And He answered and said, "Have you not read that He who created them from the beginning MADE THEM MALE AND FEMALE, and said, 'FOR THIS REASON A MAN SHALL LEAVE HIS FATHER AND MOTHER AND BE JOINED TO HIS WIFE, AND THE TWO SHALL BECOME ONE FLESH '? "So they are no longer two, but one flesh. What therefore God has joined together, let no man separate."… Matthew 19:4-6
Chris and I have been married for over 24 years and I believe that this important lesson, which we learned early on in our marriage, has been a saving element for us through the years.
Leave and cleave!
We were 21 years old when we tied the knot. Most of our family probably thought we were way too young and were acting foolishly. I know it was out of love and concern for our well-being that they tried to persuade us from going through with it, but we could not be moved. Our love wanted nothing more than to be united in a covenant bound before God. We knew that our love was worthy of not being wasted on a generic commitment expressed through just living together. We wanted to become one.
Despite our youth, we understood that once we were married, our unity took precedence over all other relationships we had, no matter the depth or length of that relationship. In fact, it was probably because of our youth that we believed that we didn’t need anyone else. We were each other’s best friend. There was no one else with which we wanted to hang out. We satisfied each other’s needs in every way. The true gift and miracle is that all of these realities still apply to us today.
In the early days of our marriage, there were several times when this commitment to unity was tested. There were arguments and disagreements that could have easily sent us running back to the safety of our parents. Yet, we had decided that our issues were our own. We would work them out ourselves, trusting in the ultimate love we had for each other. I never even considered bad mouthing my husband to my mom and dad. I never gossiped to my friends about the difficulties we experienced. Those closest to us would occasionally see the spats between us, but they never saw the unity being split. We were human to a fault, but we cleaved to each other as we hashed out this thing called marriage.
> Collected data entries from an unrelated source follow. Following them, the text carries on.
Lemma valid_state_fill_empty x y D' : In (x, y) (empties K s) ->
  valid_state K (S m)
    (mkState (sR s) (if Nat.ltb (sC s) y then S (sC s) else sC s) D'
       ((x, if Nat.ltb (sC s) y then S (sC s) else y, S m) :: cells s)).
Proof.
  intros Hxy; unfold empties in Hxy; apply filter_In in Hxy as [Hxy Hnf].
  apply in_prod_iff in Hxy as [Hx Hy]; apply in_seq in Hx, Hy; simpl in Hx, Hy, Hnf.
  destruct Hs as (HR & HC & _).
  destruct (Nat.ltb (sC s) y) eqn:Ey.
  - apply Nat.ltb_lt in Ey; apply valid_state_add; [assumption|lia|lia|lia|lia|].
    apply (unfilled_new_col K m); [assumption|lia].
  - apply Nat.ltb_ge in Ey; apply valid_state_add; [assumption|lia|lia|lia|lia|].
    intros Hin; apply filled_iff in Hin; rewrite Hin in Hnf; discriminate.
Qed.

Lemma step_law : law_in (valid_state K (S m)) (step K m s).
Proof.
  pose proof new_row_prob_bounds; pose proof new_col_prob_bounds; pose proof row_cells_pos.
  pose proof (proj1 Hs) as HR; pose proof (proj1 (proj2 Hs)) as HC.
  assert (0 < INR (sC s)) by (apply lt_0_INR; lia).
  intros qs Hq; unfold step in Hq; fold (new_row_prob K m s) (new_col_prob K s) in Hq.
  apply in_app_iff in Hq as [Hq|Hq]; [|apply in_app_iff in Hq as [Hq|Hq]].
  - destruct Hq as [<-|[]]; simpl; split; [apply Rmult_le_pos; lra|].
    intros Hp; assert (Hr : (sR s < K)%nat) by (apply new_row_prob_pos_lt; nra).
    assert (Hc : (sC s < K)%nat) by (apply new_col_prob_pos_lt; nra).
    apply valid_state_add; [assumption|lia|lia|lia|lia|]; apply (unfilled_new_row K m); auto.
  - apply in_map_iff in Hq as [z [<- Hz]]; apply in_seq in Hz; simpl.
    assert (0 <= (1 - new_col_prob K s) * / INR (sC s))
      by (apply Rmult_le_pos; [|left; apply Rinv_0_lt_compat]; lra).
    split; [rewrite Rmult_assoc; apply Rmult_le_pos; lra|].
    intros Hp; assert (Hr : (sR s < K)%nat) by (apply new_row_prob_pos_lt; nra).
    apply valid_state_add; [assumption|lia|lia|lia|lia|]; apply (unfilled_new_row K m); auto.
  - apply in_flat_map in Hq as [[x y] [Hxy Hq]].
    assert (He : 1 <= INR (length (empties K s))).
    { apply (le_INR 1); destruct (empties K s); [contradiction|simpl; lia]. }
    pose proof INR_length_empties; pose proof (pos_INR m).
    assert (/ INR (sR s * K) <= / INR (length (empties K s))) by (apply Rinv_le_contravar; lra).
    simpl in Hq; destruct Hq as [<-|[<-|[]]]; simpl;
      (split; [|intros; apply valid_state_fill_empty; assumption]);
      apply Rmult_le_pos; try lra; left; apply Rinv_0_lt_compat; lra.
Qed.

Lemma step_expect_sD (h : nat -> R) :
  expect (fun s' => h (sD s')) (step K m s) =
  (1 - incr_prob K m s) * h (sD s) + incr_prob K m s * h (S (sD s)).
Proof.
  rewrite step_expect by (destruct Hs as (_ & HC & _); lia).
  pose proof row_cells_pos; pose proof free_cells_pos.
  assert (Hrho : new_row_prob K m s = 1 - (1 - new_row_prob K m s)) by ring.
  unfold incr_prob; rewrite Hrho, INR_length_empties, one_sub_new_row_prob.
  (* if the existing rows are full, [/ INR 0] occurs, but multiplied by [0] *)
  destruct (Req_dec (INR (sR s * K)) (INR m)) as [E|E].
  - rewrite E, Rminus_diag, Rmult_0_l; field; lra.
  - field; lra.
Qed.

Lemma incr_prob_bounds : 0 <= incr_prob K m s <= INR m / (INR (K * K) - INR m).
Proof.
  pose proof row_cells_pos; pose proof free_cells_pos; pose proof filled_cells_le.
  pose proof (pos_INR m).
  unfold incr_prob; rewrite one_sub_new_row_prob.
  replace ((INR (sR s * K) - INR m) / (INR (K * K) - INR m) * (INR m / INR (sR s * K)))
    with (INR m / (INR (K * K) - INR m) * ((INR (sR s * K) - INR m) / INR (sR s * K)))
    by (field; lra).
  assert (0 <= INR m / (INR (K * K) - INR m)) by (apply Rle_mult_inv_pos; lra).
  assert (0 <= (INR (sR s * K) - INR m) / INR (sR s * K) <= 1).
  { split; [apply Rle_mult_inv_pos; lra|].
    apply (Rmult_le_reg_r (INR (sR s * K))); [lra|field_simplify; lra]. }
  split; [apply Rmult_le_pos; lra|].
  rewrite <- (Rmult_1_r (INR m / _)) at 2; apply Rmult_le_compat_l; lra.
Qed.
This lesson has stayed with us for these last decades. To this day, Chris and I will still have our issues and disagreements. In some ways, older age has made us more obstinate and stubborn at times, causing the resolution to take longer. Yet, we always find a way. Why? Because we have never lost our commitment to unity. There is no other choice in our eyes. We have never run to mom and dad, we have never sought refuge in other friends, and we have never put our children in the middle of our fights. We only have each other to which to cleave, so we will figure it out. That lack of other alternatives has bonded us together even closer through the years. Now, more than ever, I feel that Chris and I have become one flesh. Despite my strong sense of independence and strength, I am not complete without my husband. He makes me better than I could ever be without him. And the fullness of that unity is found in the beauty of our children. They are flowers that are blooming in the light of a bond that acts as a guard of protection to our family.
When Chris and I are linked in a unifying love, we are very much like that image of Gandalf, from J.R.R. Tolkein’s Fellowship of the Ring. At that moment in the Mines of Moria, as the evil from the pit of hell came against the fleeing fellowship, Gandalf stood in the gap, lifting his scepter in defiance and shouts,
“YOU SHALL NOT PASS!”
That’s us. That’s what all marriage should shout to those on the outside. YOU SHALL NOT PASS. The bonds of holy matrimony is nothing to fool around with. The power that resides in that unity is eternal and world changing. When a couple stands united against all that seek to divide, no matter how well intending, grace pours into that marriage and all kinds of blessing is bestowed.
To all you young married couples, couples approaching the the unity of marriage, or you old timers out there, stay unified. Be that defiant hero who refuses to allow evil to pass between you. Stand firm in the commitment you made to leave and cleave, becoming one flesh. No other relationship, even that of your children, is more important than the bond of husband and wife. Why? Because it is through that covenant that God chose with which to identify. It is through that bond that grace pours into your family, and even into your very soul. There must be unity. Stand together and allow the grace of God to work miracles.